Instructions to follow – Filter this data down to the lines that hold "Variable", and copy them.
═════ Data to use ═════
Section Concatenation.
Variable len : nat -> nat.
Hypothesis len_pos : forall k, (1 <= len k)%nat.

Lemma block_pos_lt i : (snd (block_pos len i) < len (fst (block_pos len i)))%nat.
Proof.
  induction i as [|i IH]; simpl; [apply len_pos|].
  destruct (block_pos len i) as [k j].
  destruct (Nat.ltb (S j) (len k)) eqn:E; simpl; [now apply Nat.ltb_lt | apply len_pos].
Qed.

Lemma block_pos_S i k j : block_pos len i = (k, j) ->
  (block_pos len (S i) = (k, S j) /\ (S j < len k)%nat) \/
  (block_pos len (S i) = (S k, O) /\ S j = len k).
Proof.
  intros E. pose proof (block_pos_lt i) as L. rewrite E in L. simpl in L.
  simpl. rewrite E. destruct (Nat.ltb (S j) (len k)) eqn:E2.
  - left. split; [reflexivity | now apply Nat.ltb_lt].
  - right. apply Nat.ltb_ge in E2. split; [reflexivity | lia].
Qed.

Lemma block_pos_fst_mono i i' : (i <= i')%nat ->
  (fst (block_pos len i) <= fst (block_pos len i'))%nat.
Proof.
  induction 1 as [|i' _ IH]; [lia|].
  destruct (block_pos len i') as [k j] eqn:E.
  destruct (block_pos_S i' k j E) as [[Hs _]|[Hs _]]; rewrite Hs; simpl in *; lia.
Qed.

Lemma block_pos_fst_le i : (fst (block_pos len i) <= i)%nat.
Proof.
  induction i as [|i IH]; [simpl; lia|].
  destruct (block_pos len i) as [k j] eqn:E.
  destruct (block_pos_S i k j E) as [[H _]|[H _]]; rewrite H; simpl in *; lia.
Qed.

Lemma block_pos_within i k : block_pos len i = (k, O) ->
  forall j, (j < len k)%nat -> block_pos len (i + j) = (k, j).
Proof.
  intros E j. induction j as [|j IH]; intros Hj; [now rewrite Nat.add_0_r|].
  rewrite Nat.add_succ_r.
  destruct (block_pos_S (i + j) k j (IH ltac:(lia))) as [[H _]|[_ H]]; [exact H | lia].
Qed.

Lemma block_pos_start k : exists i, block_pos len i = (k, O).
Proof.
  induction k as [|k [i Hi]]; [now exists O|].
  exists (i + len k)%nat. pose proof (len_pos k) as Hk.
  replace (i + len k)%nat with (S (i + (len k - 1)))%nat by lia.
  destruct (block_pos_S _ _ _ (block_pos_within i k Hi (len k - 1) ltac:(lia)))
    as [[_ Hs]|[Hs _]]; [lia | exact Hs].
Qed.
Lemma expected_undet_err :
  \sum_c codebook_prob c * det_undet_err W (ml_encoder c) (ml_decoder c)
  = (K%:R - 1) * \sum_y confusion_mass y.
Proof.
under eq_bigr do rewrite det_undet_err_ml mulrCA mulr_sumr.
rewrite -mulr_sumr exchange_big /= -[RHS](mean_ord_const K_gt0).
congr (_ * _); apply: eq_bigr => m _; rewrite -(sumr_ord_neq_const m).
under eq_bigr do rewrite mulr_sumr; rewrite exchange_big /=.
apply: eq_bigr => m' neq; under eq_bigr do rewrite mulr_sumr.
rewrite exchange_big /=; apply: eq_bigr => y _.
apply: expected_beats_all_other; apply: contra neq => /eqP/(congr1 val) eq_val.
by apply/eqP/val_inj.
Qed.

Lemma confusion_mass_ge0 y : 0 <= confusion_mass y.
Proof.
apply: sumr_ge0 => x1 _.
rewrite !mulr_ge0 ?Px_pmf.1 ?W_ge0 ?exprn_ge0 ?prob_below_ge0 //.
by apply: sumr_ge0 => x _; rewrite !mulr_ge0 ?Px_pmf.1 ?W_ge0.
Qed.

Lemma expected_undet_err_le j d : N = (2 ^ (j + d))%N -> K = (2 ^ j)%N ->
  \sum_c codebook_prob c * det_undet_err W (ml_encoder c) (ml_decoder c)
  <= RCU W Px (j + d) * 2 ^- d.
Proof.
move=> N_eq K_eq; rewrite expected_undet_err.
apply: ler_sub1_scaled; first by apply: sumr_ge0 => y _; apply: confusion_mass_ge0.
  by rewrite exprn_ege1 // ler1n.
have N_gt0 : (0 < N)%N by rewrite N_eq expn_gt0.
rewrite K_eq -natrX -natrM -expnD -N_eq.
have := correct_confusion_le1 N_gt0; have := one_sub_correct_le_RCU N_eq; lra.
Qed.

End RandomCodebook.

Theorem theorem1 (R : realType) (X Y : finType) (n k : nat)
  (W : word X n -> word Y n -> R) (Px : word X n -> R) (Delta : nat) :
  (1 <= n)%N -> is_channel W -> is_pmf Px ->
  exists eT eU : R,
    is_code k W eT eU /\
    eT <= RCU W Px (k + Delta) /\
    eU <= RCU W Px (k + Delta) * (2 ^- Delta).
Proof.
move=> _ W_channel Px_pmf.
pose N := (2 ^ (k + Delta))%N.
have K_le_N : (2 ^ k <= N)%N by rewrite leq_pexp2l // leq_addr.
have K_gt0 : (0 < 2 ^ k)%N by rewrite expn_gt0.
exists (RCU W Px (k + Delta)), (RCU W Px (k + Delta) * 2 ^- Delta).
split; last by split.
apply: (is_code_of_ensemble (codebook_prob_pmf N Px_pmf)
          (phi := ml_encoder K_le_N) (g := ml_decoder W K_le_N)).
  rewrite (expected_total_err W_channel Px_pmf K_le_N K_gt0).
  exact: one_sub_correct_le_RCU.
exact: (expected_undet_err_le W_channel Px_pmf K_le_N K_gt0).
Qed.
═════
═════ Data to use ═════
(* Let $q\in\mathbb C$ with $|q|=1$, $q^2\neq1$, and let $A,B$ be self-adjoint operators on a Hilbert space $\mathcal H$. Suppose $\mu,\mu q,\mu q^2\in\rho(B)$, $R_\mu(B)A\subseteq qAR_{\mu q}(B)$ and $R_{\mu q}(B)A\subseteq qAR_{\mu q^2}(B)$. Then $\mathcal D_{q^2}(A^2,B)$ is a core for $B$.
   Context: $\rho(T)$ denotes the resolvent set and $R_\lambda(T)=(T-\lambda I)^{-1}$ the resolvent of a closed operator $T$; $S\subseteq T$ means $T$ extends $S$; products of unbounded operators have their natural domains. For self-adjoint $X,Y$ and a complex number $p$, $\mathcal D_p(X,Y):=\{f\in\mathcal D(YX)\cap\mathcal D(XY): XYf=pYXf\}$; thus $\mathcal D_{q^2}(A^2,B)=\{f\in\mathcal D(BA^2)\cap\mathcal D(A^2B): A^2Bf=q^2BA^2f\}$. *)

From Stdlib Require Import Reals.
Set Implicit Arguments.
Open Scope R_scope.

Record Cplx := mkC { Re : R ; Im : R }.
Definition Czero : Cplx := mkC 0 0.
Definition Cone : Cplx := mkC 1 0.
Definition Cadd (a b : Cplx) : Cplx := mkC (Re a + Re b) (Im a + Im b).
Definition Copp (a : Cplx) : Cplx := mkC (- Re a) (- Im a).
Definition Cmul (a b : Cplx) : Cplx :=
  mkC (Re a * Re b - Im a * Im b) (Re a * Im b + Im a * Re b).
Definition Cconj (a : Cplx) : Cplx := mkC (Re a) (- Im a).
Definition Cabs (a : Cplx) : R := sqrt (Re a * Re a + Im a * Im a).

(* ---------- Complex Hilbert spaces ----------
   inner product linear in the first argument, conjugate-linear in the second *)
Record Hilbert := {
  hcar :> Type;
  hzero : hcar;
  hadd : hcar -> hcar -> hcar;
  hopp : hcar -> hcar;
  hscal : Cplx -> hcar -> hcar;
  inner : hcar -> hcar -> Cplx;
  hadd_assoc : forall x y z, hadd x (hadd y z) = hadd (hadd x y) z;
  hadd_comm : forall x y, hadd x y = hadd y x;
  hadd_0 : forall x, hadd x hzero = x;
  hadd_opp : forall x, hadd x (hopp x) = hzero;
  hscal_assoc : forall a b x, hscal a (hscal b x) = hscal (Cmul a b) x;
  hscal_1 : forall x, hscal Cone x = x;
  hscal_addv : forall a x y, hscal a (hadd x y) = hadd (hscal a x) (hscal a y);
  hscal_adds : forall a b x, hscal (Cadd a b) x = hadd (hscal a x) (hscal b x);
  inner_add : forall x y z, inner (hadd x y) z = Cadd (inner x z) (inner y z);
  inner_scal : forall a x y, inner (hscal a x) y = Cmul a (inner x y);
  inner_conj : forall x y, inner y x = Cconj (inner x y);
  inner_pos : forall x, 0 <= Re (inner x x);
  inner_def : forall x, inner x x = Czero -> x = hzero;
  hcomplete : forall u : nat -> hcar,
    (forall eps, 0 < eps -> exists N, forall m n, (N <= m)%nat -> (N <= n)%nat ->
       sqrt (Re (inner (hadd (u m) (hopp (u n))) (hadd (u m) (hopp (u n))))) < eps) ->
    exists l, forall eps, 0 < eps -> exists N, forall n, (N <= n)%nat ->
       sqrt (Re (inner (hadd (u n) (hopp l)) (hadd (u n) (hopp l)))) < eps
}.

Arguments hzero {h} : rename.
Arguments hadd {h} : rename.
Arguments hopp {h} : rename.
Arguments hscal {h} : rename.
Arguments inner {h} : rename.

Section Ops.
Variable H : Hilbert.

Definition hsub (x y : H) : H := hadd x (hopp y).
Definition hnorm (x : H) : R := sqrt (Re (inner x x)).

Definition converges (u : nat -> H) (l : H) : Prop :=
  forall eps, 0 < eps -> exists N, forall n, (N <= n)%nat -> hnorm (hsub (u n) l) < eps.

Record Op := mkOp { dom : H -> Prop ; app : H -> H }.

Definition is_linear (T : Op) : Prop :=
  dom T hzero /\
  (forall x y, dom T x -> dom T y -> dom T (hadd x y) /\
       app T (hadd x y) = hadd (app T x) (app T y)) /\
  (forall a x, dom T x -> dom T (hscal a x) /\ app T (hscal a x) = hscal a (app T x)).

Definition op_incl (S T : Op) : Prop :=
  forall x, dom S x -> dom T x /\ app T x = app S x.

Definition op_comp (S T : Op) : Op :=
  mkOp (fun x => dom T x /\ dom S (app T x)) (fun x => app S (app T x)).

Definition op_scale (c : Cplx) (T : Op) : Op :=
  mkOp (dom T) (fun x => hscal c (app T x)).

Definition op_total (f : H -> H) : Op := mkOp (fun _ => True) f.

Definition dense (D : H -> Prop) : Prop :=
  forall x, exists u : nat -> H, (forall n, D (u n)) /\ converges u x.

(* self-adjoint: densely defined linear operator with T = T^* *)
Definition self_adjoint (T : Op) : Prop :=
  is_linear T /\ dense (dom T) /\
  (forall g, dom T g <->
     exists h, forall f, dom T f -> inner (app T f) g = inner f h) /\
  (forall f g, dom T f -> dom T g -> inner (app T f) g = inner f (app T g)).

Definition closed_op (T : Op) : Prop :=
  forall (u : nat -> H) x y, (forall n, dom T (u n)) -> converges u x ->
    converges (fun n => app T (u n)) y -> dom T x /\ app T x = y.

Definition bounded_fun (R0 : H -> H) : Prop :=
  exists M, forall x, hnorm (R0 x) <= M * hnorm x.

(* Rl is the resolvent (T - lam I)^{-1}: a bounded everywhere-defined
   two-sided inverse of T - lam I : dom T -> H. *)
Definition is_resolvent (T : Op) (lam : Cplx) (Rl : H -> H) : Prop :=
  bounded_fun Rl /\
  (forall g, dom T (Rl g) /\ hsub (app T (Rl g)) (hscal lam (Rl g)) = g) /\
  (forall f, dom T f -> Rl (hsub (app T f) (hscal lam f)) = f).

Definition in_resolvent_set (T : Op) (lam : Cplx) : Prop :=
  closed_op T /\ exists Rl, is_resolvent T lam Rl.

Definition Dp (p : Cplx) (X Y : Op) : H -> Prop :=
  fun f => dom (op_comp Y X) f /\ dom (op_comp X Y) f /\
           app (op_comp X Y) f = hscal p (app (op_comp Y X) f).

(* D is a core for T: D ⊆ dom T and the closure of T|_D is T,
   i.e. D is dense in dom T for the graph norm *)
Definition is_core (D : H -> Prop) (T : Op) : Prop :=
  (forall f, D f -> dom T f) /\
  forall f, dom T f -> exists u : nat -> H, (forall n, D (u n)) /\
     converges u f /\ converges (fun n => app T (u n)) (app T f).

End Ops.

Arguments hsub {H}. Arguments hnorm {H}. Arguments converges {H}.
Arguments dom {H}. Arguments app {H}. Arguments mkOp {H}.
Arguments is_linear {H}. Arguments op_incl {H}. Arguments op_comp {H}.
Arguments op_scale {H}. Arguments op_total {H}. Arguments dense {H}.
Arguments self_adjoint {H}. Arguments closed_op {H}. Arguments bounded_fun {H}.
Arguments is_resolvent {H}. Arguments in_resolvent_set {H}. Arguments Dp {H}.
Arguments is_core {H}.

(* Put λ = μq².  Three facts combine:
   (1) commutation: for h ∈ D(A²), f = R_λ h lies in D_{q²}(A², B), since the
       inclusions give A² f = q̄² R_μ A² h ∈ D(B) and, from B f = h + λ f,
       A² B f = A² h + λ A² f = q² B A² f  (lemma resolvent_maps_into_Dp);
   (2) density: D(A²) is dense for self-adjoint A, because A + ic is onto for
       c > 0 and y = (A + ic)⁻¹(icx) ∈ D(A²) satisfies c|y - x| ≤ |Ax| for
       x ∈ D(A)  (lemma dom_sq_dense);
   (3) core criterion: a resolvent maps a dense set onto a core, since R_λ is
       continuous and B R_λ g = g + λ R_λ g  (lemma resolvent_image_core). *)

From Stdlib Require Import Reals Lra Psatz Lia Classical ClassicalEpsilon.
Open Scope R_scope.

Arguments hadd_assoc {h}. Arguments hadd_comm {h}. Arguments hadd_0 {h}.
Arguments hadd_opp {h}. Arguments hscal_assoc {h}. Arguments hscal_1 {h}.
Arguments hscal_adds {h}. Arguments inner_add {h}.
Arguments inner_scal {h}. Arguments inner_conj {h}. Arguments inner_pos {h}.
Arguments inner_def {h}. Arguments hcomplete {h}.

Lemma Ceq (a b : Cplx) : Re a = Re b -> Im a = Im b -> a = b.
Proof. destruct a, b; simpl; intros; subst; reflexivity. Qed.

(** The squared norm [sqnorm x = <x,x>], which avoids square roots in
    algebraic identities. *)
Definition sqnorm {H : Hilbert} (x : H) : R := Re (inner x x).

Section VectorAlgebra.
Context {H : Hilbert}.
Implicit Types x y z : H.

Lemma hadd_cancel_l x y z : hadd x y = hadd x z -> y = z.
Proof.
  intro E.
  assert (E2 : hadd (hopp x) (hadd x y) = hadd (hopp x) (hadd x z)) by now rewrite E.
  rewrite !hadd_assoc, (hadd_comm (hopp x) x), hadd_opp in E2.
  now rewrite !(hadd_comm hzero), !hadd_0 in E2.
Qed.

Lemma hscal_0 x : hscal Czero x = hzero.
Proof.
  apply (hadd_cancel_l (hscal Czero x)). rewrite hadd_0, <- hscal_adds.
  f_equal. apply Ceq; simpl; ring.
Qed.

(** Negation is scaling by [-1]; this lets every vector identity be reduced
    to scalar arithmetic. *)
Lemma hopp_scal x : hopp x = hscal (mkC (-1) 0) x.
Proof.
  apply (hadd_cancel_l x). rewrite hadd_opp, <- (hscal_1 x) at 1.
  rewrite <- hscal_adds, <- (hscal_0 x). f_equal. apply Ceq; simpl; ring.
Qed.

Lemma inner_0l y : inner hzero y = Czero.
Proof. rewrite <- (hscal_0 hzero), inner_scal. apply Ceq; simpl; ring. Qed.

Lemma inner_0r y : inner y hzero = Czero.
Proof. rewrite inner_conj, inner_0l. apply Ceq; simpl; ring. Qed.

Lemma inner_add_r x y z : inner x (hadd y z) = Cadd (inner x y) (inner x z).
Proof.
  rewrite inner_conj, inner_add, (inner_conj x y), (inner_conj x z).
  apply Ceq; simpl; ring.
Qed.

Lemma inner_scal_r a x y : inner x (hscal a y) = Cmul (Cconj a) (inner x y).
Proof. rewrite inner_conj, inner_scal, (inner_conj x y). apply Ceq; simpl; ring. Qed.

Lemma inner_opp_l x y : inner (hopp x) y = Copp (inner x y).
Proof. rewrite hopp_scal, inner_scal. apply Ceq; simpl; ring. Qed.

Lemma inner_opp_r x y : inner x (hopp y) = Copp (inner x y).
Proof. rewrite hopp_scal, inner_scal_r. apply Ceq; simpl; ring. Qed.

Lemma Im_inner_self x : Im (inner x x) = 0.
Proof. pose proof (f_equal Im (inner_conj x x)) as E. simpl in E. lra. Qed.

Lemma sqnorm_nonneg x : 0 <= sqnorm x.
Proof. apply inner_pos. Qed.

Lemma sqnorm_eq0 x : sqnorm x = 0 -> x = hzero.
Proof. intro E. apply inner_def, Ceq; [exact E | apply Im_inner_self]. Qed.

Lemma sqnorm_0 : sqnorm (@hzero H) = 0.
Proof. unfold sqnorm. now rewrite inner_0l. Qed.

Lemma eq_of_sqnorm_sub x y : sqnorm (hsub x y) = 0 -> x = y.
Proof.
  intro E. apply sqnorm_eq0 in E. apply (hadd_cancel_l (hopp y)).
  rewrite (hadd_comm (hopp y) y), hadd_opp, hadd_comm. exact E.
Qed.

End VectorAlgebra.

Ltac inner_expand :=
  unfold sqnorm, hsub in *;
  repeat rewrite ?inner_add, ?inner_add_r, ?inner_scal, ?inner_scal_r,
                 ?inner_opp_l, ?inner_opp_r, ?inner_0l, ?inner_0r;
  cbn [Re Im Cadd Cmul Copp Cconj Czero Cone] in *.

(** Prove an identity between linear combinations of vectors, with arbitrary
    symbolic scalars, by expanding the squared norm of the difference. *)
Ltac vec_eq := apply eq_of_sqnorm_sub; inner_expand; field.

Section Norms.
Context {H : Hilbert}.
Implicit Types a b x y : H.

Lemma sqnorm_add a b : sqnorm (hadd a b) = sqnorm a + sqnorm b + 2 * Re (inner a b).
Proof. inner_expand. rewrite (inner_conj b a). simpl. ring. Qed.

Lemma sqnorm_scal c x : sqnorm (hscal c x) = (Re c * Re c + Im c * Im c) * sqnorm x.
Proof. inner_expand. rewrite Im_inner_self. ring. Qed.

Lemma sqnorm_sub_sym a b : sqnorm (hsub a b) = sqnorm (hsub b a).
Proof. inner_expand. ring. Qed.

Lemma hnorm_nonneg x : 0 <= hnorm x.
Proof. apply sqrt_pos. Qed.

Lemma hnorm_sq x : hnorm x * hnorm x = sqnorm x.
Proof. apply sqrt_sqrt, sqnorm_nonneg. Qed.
═════
Solution to this exercise –
Variable len : nat -> nat.
Variable H : Hilbert.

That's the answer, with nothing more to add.